◆ WORK INSTRUCTIONS:
Could you filter the listing for lines with the word "sumrN" and return them?
^^^^^^^^
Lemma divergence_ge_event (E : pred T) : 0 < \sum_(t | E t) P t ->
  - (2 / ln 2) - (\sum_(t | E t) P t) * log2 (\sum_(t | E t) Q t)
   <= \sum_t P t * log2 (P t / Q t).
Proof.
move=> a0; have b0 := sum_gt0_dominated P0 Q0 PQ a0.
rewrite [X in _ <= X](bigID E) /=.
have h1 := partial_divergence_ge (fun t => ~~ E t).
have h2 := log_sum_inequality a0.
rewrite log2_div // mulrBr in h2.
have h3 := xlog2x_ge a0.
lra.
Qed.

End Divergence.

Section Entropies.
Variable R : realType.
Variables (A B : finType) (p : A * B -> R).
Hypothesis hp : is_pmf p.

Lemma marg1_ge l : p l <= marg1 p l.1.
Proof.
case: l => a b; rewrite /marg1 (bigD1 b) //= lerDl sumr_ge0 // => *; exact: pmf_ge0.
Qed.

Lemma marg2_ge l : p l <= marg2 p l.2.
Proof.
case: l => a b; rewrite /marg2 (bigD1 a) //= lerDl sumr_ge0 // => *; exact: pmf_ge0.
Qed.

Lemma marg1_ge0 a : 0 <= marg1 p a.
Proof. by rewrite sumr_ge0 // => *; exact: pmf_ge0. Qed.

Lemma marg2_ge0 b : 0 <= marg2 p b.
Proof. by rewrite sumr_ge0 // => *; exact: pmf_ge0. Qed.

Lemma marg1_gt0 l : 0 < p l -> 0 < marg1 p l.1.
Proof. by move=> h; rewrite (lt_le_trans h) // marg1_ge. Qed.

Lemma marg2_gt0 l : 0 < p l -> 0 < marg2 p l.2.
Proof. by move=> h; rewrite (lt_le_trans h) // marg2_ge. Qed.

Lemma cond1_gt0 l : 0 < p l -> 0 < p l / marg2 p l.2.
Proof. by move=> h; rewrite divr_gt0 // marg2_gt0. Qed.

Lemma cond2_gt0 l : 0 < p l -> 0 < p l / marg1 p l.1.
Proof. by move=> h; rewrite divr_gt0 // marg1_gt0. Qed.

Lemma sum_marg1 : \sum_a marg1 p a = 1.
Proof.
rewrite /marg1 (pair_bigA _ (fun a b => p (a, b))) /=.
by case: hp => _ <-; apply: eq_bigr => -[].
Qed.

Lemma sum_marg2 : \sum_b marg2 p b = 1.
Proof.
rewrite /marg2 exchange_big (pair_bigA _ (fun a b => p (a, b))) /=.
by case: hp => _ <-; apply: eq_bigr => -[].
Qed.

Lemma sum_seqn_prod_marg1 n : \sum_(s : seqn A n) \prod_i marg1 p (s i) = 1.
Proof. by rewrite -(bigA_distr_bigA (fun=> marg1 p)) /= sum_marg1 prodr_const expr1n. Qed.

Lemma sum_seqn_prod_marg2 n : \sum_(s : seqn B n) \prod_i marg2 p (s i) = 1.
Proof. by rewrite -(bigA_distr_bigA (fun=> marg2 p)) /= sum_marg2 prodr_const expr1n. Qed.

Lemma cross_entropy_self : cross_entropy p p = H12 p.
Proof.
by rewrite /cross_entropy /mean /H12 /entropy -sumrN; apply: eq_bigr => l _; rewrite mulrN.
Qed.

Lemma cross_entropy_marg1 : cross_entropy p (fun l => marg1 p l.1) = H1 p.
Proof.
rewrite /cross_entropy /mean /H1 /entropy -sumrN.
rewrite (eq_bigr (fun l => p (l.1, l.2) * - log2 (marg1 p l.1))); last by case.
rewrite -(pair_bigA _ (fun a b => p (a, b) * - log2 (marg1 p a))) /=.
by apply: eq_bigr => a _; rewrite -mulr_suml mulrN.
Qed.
^^^^^^^^
◆ ANSWER TO THE PROBLEM:
by rewrite /cross_entropy /mean /H12 /entropy -sumrN; apply: eq_bigr => l _; rewrite mulrN.
rewrite /cross_entropy /mean /H1 /entropy -sumrN.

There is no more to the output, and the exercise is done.